WHAT YOU SHOULD DO: Each line from the one containing "Lemma iter_set1_sub_iter F" to the end of the entries below must be restated exactly, and no other line should appear.

== GIVEN RECORDS ==

(* Let $m,n$ be integers with $m\ge 3$ and $n\ge 2$. Then the set $E(m,n)=\{k \mid \text{there exists a primitive nonnegative tensor } \mathbb{A} \text{ of order } m \text{ and dimension } n \text{ with } \gamma(\mathbb{A})=k\}$ equals $\{1,2,\ldots,(n-1)^2+1\}$.
   Context: A tensor $\mathbb{A}=(a_{i_1i_2\ldots i_m})$ of order $m$ and dimension $n$ is an array with entries indexed by $i_1,\ldots,i_m\in[n]=\{1,\ldots,n\}$; it is nonnegative if all entries are real and $\ge 0$. For $x\in\mathbb{R}^n$, $\mathbb{A}x\in\mathbb{R}^n$ is the vector with $(\mathbb{A}x)_i=\sum_{i_2,\ldots,i_m=1}^n a_{ii_2\ldots i_m}x_{i_2}\cdots x_{i_m}$, and $x^{[r]}=(x_1^r,\ldots,x_n^r)^T$. Define $T_{\mathbb{A}}(x)=(\mathbb{A}x)^{[1/(m-1)]}$. A nonnegative tensor $\mathbb{A}$ is primitive if there is a positive integer $r$ such that $T_{\mathbb{A}}^r(x)>0$ (entrywise) for every nonnegative nonzero $x\in\mathbb{R}^n$; the smallest such $r$ is the primitive degree $\gamma(\mathbb{A})$. *)

From mathcomp Require Import all_boot all_order all_algebra.
From mathcomp Require Import reals exp.
Set Implicit Arguments. Unset Strict Implicit. Unset Printing Implicit Defensive.
Import Order.TTheory GRing.Theory Num.Theory.
Local Open Scope ring_scope.

(* A tensor of order m and dimension n: entries indexed by (i_1,...,i_m),
   encoded as a function f : 'I_m -> 'I_n (f k = i_{k+1}). *)
Definition tensor (R : realType) (m n : nat) := {ffun {ffun 'I_m -> 'I_n} -> R}.

Definition nonneg_tensor (R : realType) m n (A : tensor R m n) : Prop :=
  forall f, 0 <= A f.

Definition tapp (R : realType) m n (A : tensor R m n) (x : 'I_n -> R) : 'I_n -> R :=
  fun i => \sum_(f : {ffun 'I_m -> 'I_n} |
                 [forall k : 'I_m, (val k == 0%N) ==> (f k == i)])
             A f * \prod_(k : 'I_m | val k != 0%N) x (f k).

Definition TA (R : realType) m n (A : tensor R m n) (x : 'I_n -> R) : 'I_n -> R :=
  fun i => powR (tapp A x i) ((m.-1)%:R)^-1.

Definition nonneg_nonzero_vec (R : realType) n (x : 'I_n -> R) : Prop :=
  (forall i, 0 <= x i) /\ (exists i, x i != 0).

Definition prim_exponent (R : realType) m n (A : tensor R m n) (r : nat) : Prop :=
  (0 < r)%N /\
  forall x : 'I_n -> R, nonneg_nonzero_vec x -> forall i, 0 < iter r (TA A) x i.

Definition primitive (R : realType) m n (A : tensor R m n) : Prop :=
  nonneg_tensor A /\ exists r, prim_exponent A r.

Definition primitive_degree (R : realType) m n (A : tensor R m n) (k : nat) : Prop :=
  prim_exponent A k /\ forall r, (r < k)%N -> ~ prim_exponent A r.

From mathcomp Require Import all_boot all_order all_algebra.
From mathcomp Require Import reals exp.
From mathcomp Require Import zify.
Set Implicit Arguments. Unset Strict Implicit. Unset Printing Implicit Defensive.
Import Order.TTheory GRing.Theory Num.Theory.

(* For a nonnegative tensor A, T_A maps a vector with support S to one with support
   F S := {i | a_{i i_2 .. i_m} > 0 for some i_2, .., i_m in S}, so gamma(A) is the least r
   such that F^r sends every nonempty set to the whole index set.

   F is monotone and, A being primitive, some selector g with g u in F {u}
   is not injective (otherwise F maps singletons to singletons).  From any j the
   g-trajectory enters, after a steps, a cycle of length s < n with a + s <= n.  For v on
   that cycle, v lies in F^s {v}, so the sets F^(qs) {v} grow strictly until they are
   everything; hence F^(s(n-1)+a) {j} is full and s(n-1) + a <= (n-1)^2 + 1.

   A hypergraph on Z/nZ with edges i <- (u, w) is realised by the 0/1 tensor
   with a_{i u w .. w} = 1 (here m >= 3 is used).  Exponent k is attained by a path for
   k <= n, by the Wielandt digraph for k = (n-1)^2 + 1, and in between by Wielandt plus
   one extra hyperedge: either one that fills everything at once (k <= 2n - 2), or one that
   keeps a vertex q in the orbit of {0} once that window reaches q, so that from then on
   the window grows at every step. *)

Lemma set1_neq0 (T : finType) (x : T) : [set x] != set0.
Proof. by apply/set0Pn; exists x; rewrite inE. Qed.

Lemma injective_update_noninj (T : finType) (g : T -> T) (u w : T) :
  injective g -> w != g u -> ~~ injectiveb (fun x => if x == u then w else g x).
Proof.
move=> inj_g w_neq; have [g' gK g'K] := injF_bij inj_g.
have u'_neq : g' w != u by apply: contraNneq w_neq => <-; rewrite g'K.
apply/injectivePn; exists u, (g' w); first by rewrite eq_sym.
by rewrite eqxx (negbTE u'_neq) g'K.
Qed.

(* If the orbit of x were all of T and closed up into a cycle, g would be a permutation. *)
Lemma noninjective_rho (T : finType) (g : T -> T) (x : T) :
  ~~ injectiveb g ->
  exists a s, [/\ 0 < s < #|T|, a + s <= #|T| & iter (a + s) g x = iter a g x].
Proof.
move=> ninj_g.
have /trajectP[a lt_a_o iter_o] := looping_order g x.
have le_o_T : order g x <= #|T| := max_card _.
exists a, (order g x - a); rewrite subnKC ?(ltnW lt_a_o) //; split=> //.
rewrite subn_gt0 lt_a_o /= ltnNge; apply: contra ninj_g => le_T_s.
(* [set] merges two elaborations of #|T| that lia would see as distinct atoms. *)
set N := #|T| in le_o_T le_T_s *.
have [o_T a0] : order g x = N /\ a = 0 by lia.
have orbit_all y : y \in orbit g x.
  have /subset_cardP/(_ (subset_predT _)) conn_all : #|fconnect g x| = #|predT : {pred T}|.
    exact: o_T.
  by rewrite -fconnect_orbit -[fconnect _ _ _]/(y \in fconnect g x) conn_all.
have /(orbitPcycle 4 5) inj_orbit : iter (order g x) g x = x by rewrite iter_o a0.
by apply/injectiveP => y z; apply: inj_orbit.
Qed.

Section MonotoneSetMaps.

Variable T : finType.
Implicit Types (F G : {set T} -> {set T}) (S X : {set T}).

Definition set_exponent F r := 0 < r /\ forall S, S != set0 -> iter r F S = setT.

Lemma iter_subset F t S X :
  {homo F : A B / A \subset B} -> S \subset X -> iter t F S \subset iter t F X.
Proof. by move=> Fmono; elim: t => //= t IH /IH; apply: Fmono. Qed.

Lemma setT_fixed_of_iter F t S :
  {homo F : A B / A \subset B} -> 0 < t -> iter t F S = setT -> F setT = setT.
Proof.
move=> Fmono; case: t => // t _ /= iterS_eq; apply/eqP.
by rewrite eqEsubset subsetT -{1}iterS_eq Fmono ?subsetT.
Qed.

Lemma iter_setT_le F r t S :
  F setT = setT -> iter r F S = setT -> r <= t -> iter t F S = setT.
Proof. by move=> FT iter_r /subnK <-; rewrite iterD iter_r iter_fix. Qed.

Lemma set_exponent_set1 F r :
  F set0 = set0 -> set_exponent F r -> forall u, F [set u] != set0.
Proof.
move=> F0 [r_gt0 Fr] u; apply/eqP => F1_0; move: (Fr _ (set1_neq0 u)).
case: r r_gt0 {Fr} => // r _; rewrite iterSr F1_0 iter_fix //.
by move/setP/(_ u); rewrite !inE.
Qed.

Lemma iter_set1_sub_iter F (g : T -> T) t x :
  {homo F : A B / A \subset B} -> (forall u, F [set u] \subset [set g u]) ->
  iter t F [set x] \subset [set iter t g x].
Proof.
move=> Fmono Fg; elim: t => //= t IH.
exact: subset_trans (Fmono _ _ IH) (Fg _).
Qed.

Lemma iter_selector_mem F (g : T -> T) t x :
  {homo F : A B / A \subset B} -> (forall u, g u \in F [set u]) ->
  iter t g x \in iter t F [set x].
Proof.
move=> Fmono Fg; elim: t => [|t IH] /=; first by rewrite inE.
by apply: (subsetP (Fmono _ _ _)) (Fg _); rewrite sub1set.
Qed.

===

RESULT FOR THIS TASK:
Lemma iter_set1_sub_iter F (g : T -> T) t x :
  {homo F : A B / A \subset B} -> (forall u, F [set u] \subset [set g u]) ->
  iter t F [set x] \subset [set iter t g x].
Proof.
move=> Fmono Fg; elim: t => //= t IH.
exact: subset_trans (Fmono _ _ IH) (Fg _).
Qed.

Lemma iter_selector_mem F (g : T -> T) t x :
  {homo F : A B / A \subset B} -> (forall u, g u \in F [set u]) ->
  iter t g x \in iter t F [set x].
Proof.
move=> Fmono Fg; elim: t => [|t IH] /=; first by rewrite inE.
by apply: (subsetP (Fmono _ _ _)) (Fg _); rewrite sub1set.
Qed.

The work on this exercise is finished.